Each line of the data below should be repeated exactly.

(Stored items)
= = = = =

Lemma mnm_suppseq_uniq m : uniq (mnm_suppseq m).
Proof. exact/filter_uniq/enum_uniq. Qed.

Lemma size_mnm_exps m : size (mnm_exps m) = #|mnm_supp m|.
Proof.
rewrite size_map -(card_uniqP (mnm_suppseq_uniq m)).
by apply: eq_card => x; rewrite mem_mnm_suppseq inE.
Qed.

Lemma mdeg_mnm_exps m : mdeg m = sumn (mnm_exps m).
Proof.
rewrite mdegE (bigID (fun x => m x == 0%N)) /= big1 => [|x /eqP //].
by rewrite add0n sumnE big_map big_filter big_enum_cond.
Qed.

Lemma mnm_exps_mem m i : m i != 0%N -> m i \in mnm_exps m.
Proof. by move=> mi_neq0; rewrite map_f ?mem_mnm_suppseq. Qed.

Lemma mnm_supp_addU_fresh m i : m i = 0%N -> mnm_supp (m + U_(i)) = i |: mnm_supp m.
Proof.
move=> mi0; apply/setP => x; rewrite !inE mnmDE mnm1E.
by case: (eqVneq i x) => [<-|_]; rewrite ?mi0 ?addn0.
Qed.

Lemma mnm_suppseq_addU_old m i : m i != 0%N -> mnm_suppseq (m + U_(i)) = mnm_suppseq m.
Proof.
move=> mi_neq0; apply: eq_filter => x; rewrite mnmDE mnm1E.
by case: (eqVneq i x) => [<-|_]; rewrite ?addn1 ?addn0 ?mi_neq0.
Qed.

Lemma mnm_supp_addU_old m i : m i != 0%N -> mnm_supp (m + U_(i)) = mnm_supp m.
Proof.
move=> mi_neq0; apply/setP => x; rewrite !inE -!mem_mnm_suppseq.
by rewrite mnm_suppseq_addU_old.
Qed.

Lemma mnm_exps_addU_fresh m i : m i = 0%N -> exists s1 s2,
  [/\ mnm_exps (m + U_(i)) = s1 ++ 1%N :: s2, mnm_exps m = s1 ++ s2 &
      size s1 = #|[set u in mnm_supp m | (u < i)%N]|].
Proof.
move=> mi0; have [t1 [t2 [enumE lt_t1 gt_t2]]] := enum_ord_split i.
have addU_off t : all (fun x => x != i) t ->
    [seq (m + U_(i))%MM x | x <- t & (m + U_(i))%MM x != 0%N] =
    [seq m x | x <- t & m x != 0%N].
  move=> /allP neq_i; have eq_m : {in t, (m + U_(i))%MM =1 m}.
    by move=> x /neq_i x_neq_i; rewrite mnmDE mnm1E eq_sym (negPf x_neq_i) addn0.
  rewrite (@eq_in_filter _ _ (fun x => m x != 0%N)) => [|x /eq_m -> //].
  by apply/eq_in_map => x; rewrite mem_filter => /andP[_ /eq_m].
have neq_t1 : all (fun x => x != i) t1.
  by apply: sub_all lt_t1 => x; apply: contraTneq => ->; rewrite ltnn.
have neq_t2 : all (fun x => x != i) t2.
  by apply: sub_all gt_t2 => x; apply: contraTneq => ->; rewrite ltnn.
exists [seq m x | x <- t1 & m x != 0%N], [seq m x | x <- t2 & m x != 0%N].
have addU_i : (m + U_(i))%MM i = 1%N by rewrite mnmDE mnm1E eqxx mi0.
rewrite /mnm_exps /mnm_suppseq enumE !filter_cat /= addU_i mi0 /= !map_cat /= addU_i.
rewrite addU_off // addU_off //; split=> //.
transitivity (count [pred u | (m u != 0%N) && (u < i)%N] (enum 'I_n)).
  rewrite size_map size_filter enumE count_cat /= ltnn andbF add0n.
  rewrite (@eq_in_count _ _ pred0 t2) ?count_pred0 ?addn0 => [|x /(allP gt_t2) gt_x].
    by apply: eq_in_count => x /(allP lt_t1) /= ->; rewrite andbT.
  by rewrite /= ltnNge (ltnW gt_x) andbF.
rewrite -size_filter -(card_uniqP (filter_uniq _ (enum_uniq _))).
by apply: eq_card => x; rewrite mem_filter mem_enum !inE andbT.
Qed.

End MonomialExponents.

Section PositionMatrix.
Variable K : fieldType.

(* For [size s = k], [\det (pos_mx k s)] is the sign of [s] if [s] is a
   permutation of [1..k], and 0 otherwise. *)
Definition pos_mx k (s : seq nat) : 'M[K]_k :=
  \matrix_(r, c) ((nth 0%N s r == c.+1)%:R).

Lemma pos_mx_perm_iota k s :
  size s = k -> \det (pos_mx k s) != 0 -> perm_eq s (iota 1 k).
Proof.
move=> size_s det_neq0.
have s_uniq : uniq s.
  apply/(uniqPn 0%N) => -[r1 [r2 [lt_r12 lt_r2 eq_r12]]]; move/eqP: det_neq0; apply.
  rewrite size_s in lt_r2.
  apply: (@determinant_alternate _ _ _ (Ordinal (ltn_trans lt_r12 lt_r2)) (Ordinal lt_r2)).
    by rewrite -val_eqE /= ltn_eqF.
  by move=> c; rewrite !mxE /= eq_r12.
have s_range : {subset s <= iota 1 k}.
  move=> v s_v; rewrite mem_iota add1n; apply: contraTT det_neq0 => v_out.
  have lt_r : (index v s < k)%N by rewrite -size_s index_mem.
  rewrite negbK (expand_det_row _ (Ordinal lt_r)) big1 // => c _.
  rewrite mxE /= nth_index // (_ : (v == c.+1) = false) ?mul0r //.
  by apply: contraNF v_out => /eqP ->; exact: ltn_ord.
have size_iota_s : (size (iota 1 k) <= size s)%N by rewrite size_iota size_s.
have [_ eq_s] := uniq_min_size s_uniq s_range size_iota_s.
exact: uniq_perm s_uniq (iota_uniq _ _) eq_s.
Qed.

= = = = =

» **EXERCISE RESPONSE**
Lemma mnm_suppseq_uniq m : uniq (mnm_suppseq m).
Proof. exact/filter_uniq/enum_uniq. Qed.

Lemma size_mnm_exps m : size (mnm_exps m) = #|mnm_supp m|.
Proof.
rewrite size_map -(card_uniqP (mnm_suppseq_uniq m)).
by apply: eq_card => x; rewrite mem_mnm_suppseq inE.
Qed.

Lemma mdeg_mnm_exps m : mdeg m = sumn (mnm_exps m).
Proof.
rewrite mdegE (bigID (fun x => m x == 0%N)) /= big1 => [|x /eqP //].
by rewrite add0n sumnE big_map big_filter big_enum_cond.
Qed.

Lemma mnm_exps_mem m i : m i != 0%N -> m i \in mnm_exps m.
Proof. by move=> mi_neq0; rewrite map_f ?mem_mnm_suppseq. Qed.

Lemma mnm_supp_addU_fresh m i : m i = 0%N -> mnm_supp (m + U_(i)) = i |: mnm_supp m.
Proof.
move=> mi0; apply/setP => x; rewrite !inE mnmDE mnm1E.
by case: (eqVneq i x) => [<-|_]; rewrite ?mi0 ?addn0.
Qed.

Lemma mnm_suppseq_addU_old m i : m i != 0%N -> mnm_suppseq (m + U_(i)) = mnm_suppseq m.
Proof.
move=> mi_neq0; apply: eq_filter => x; rewrite mnmDE mnm1E.
by case: (eqVneq i x) => [<-|_]; rewrite ?addn1 ?addn0 ?mi_neq0.
Qed.

Lemma mnm_supp_addU_old m i : m i != 0%N -> mnm_supp (m + U_(i)) = mnm_supp m.
Proof.
move=> mi_neq0; apply/setP => x; rewrite !inE -!mem_mnm_suppseq.
by rewrite mnm_suppseq_addU_old.
Qed.

Lemma mnm_exps_addU_fresh m i : m i = 0%N -> exists s1 s2,
  [/\ mnm_exps (m + U_(i)) = s1 ++ 1%N :: s2, mnm_exps m = s1 ++ s2 &
      size s1 = #|[set u in mnm_supp m | (u < i)%N]|].
Proof.
move=> mi0; have [t1 [t2 [enumE lt_t1 gt_t2]]] := enum_ord_split i.
have addU_off t : all (fun x => x != i) t ->
    [seq (m + U_(i))%MM x | x <- t & (m + U_(i))%MM x != 0%N] =
    [seq m x | x <- t & m x != 0%N].
  move=> /allP neq_i; have eq_m : {in t, (m + U_(i))%MM =1 m}.
    by move=> x /neq_i x_neq_i; rewrite mnmDE mnm1E eq_sym (negPf x_neq_i) addn0.
  rewrite (@eq_in_filter _ _ (fun x => m x != 0%N)) => [|x /eq_m -> //].
  by apply/eq_in_map => x; rewrite mem_filter => /andP[_ /eq_m].
have neq_t1 : all (fun x => x != i) t1.
  by apply: sub_all lt_t1 => x; apply: contraTneq => ->; rewrite ltnn.
have neq_t2 : all (fun x => x != i) t2.
  by apply: sub_all gt_t2 => x; apply: contraTneq => ->; rewrite ltnn.
exists [seq m x | x <- t1 & m x != 0%N], [seq m x | x <- t2 & m x != 0%N].
have addU_i : (m + U_(i))%MM i = 1%N by rewrite mnmDE mnm1E eqxx mi0.
rewrite /mnm_exps /mnm_suppseq enumE !filter_cat /= addU_i mi0 /= !map_cat /= addU_i.
rewrite addU_off // addU_off //; split=> //.
transitivity (count [pred u | (m u != 0%N) && (u < i)%N] (enum 'I_n)).
  rewrite size_map size_filter enumE count_cat /= ltnn andbF add0n.
  rewrite (@eq_in_count _ _ pred0 t2) ?count_pred0 ?addn0 => [|x /(allP gt_t2) gt_x].
    by apply: eq_in_count => x /(allP lt_t1) /= ->; rewrite andbT.
  by rewrite /= ltnNge (ltnW gt_x) andbF.
rewrite -size_filter -(card_uniqP (filter_uniq _ (enum_uniq _))).
by apply: eq_card => x; rewrite mem_filter mem_enum !inE andbT.
Qed.

End MonomialExponents.

Section PositionMatrix.
Variable K : fieldType.

(* For [size s = k], [\det (pos_mx k s)] is the sign of [s] if [s] is a
   permutation of [1..k], and 0 otherwise. *)
Definition pos_mx k (s : seq nat) : 'M[K]_k :=
  \matrix_(r, c) ((nth 0%N s r == c.+1)%:R).

Lemma pos_mx_perm_iota k s :
  size s = k -> \det (pos_mx k s) != 0 -> perm_eq s (iota 1 k).
Proof.
move=> size_s det_neq0.
have s_uniq : uniq s.
  apply/(uniqPn 0%N) => -[r1 [r2 [lt_r12 lt_r2 eq_r12]]]; move/eqP: det_neq0; apply.
  rewrite size_s in lt_r2.
  apply: (@determinant_alternate _ _ _ (Ordinal (ltn_trans lt_r12 lt_r2)) (Ordinal lt_r2)).
    by rewrite -val_eqE /= ltn_eqF.
  by move=> c; rewrite !mxE /= eq_r12.
have s_range : {subset s <= iota 1 k}.
  move=> v s_v; rewrite mem_iota add1n; apply: contraTT det_neq0 => v_out.
  have lt_r : (index v s < k)%N by rewrite -size_s index_mem.
  rewrite negbK (expand_det_row _ (Ordinal lt_r)) big1 // => c _.
  rewrite mxE /= nth_index // (_ : (v == c.+1) = false) ?mul0r //.
  by apply: contraNF v_out => /eqP ->; exact: ltn_ord.
have size_iota_s : (size (iota 1 k) <= size s)%N by rewrite size_iota size_s.
have [_ eq_s] := uniq_min_size s_uniq s_range size_iota_s.
exact: uniq_perm s_uniq (iota_uniq _ _) eq_s.
Qed.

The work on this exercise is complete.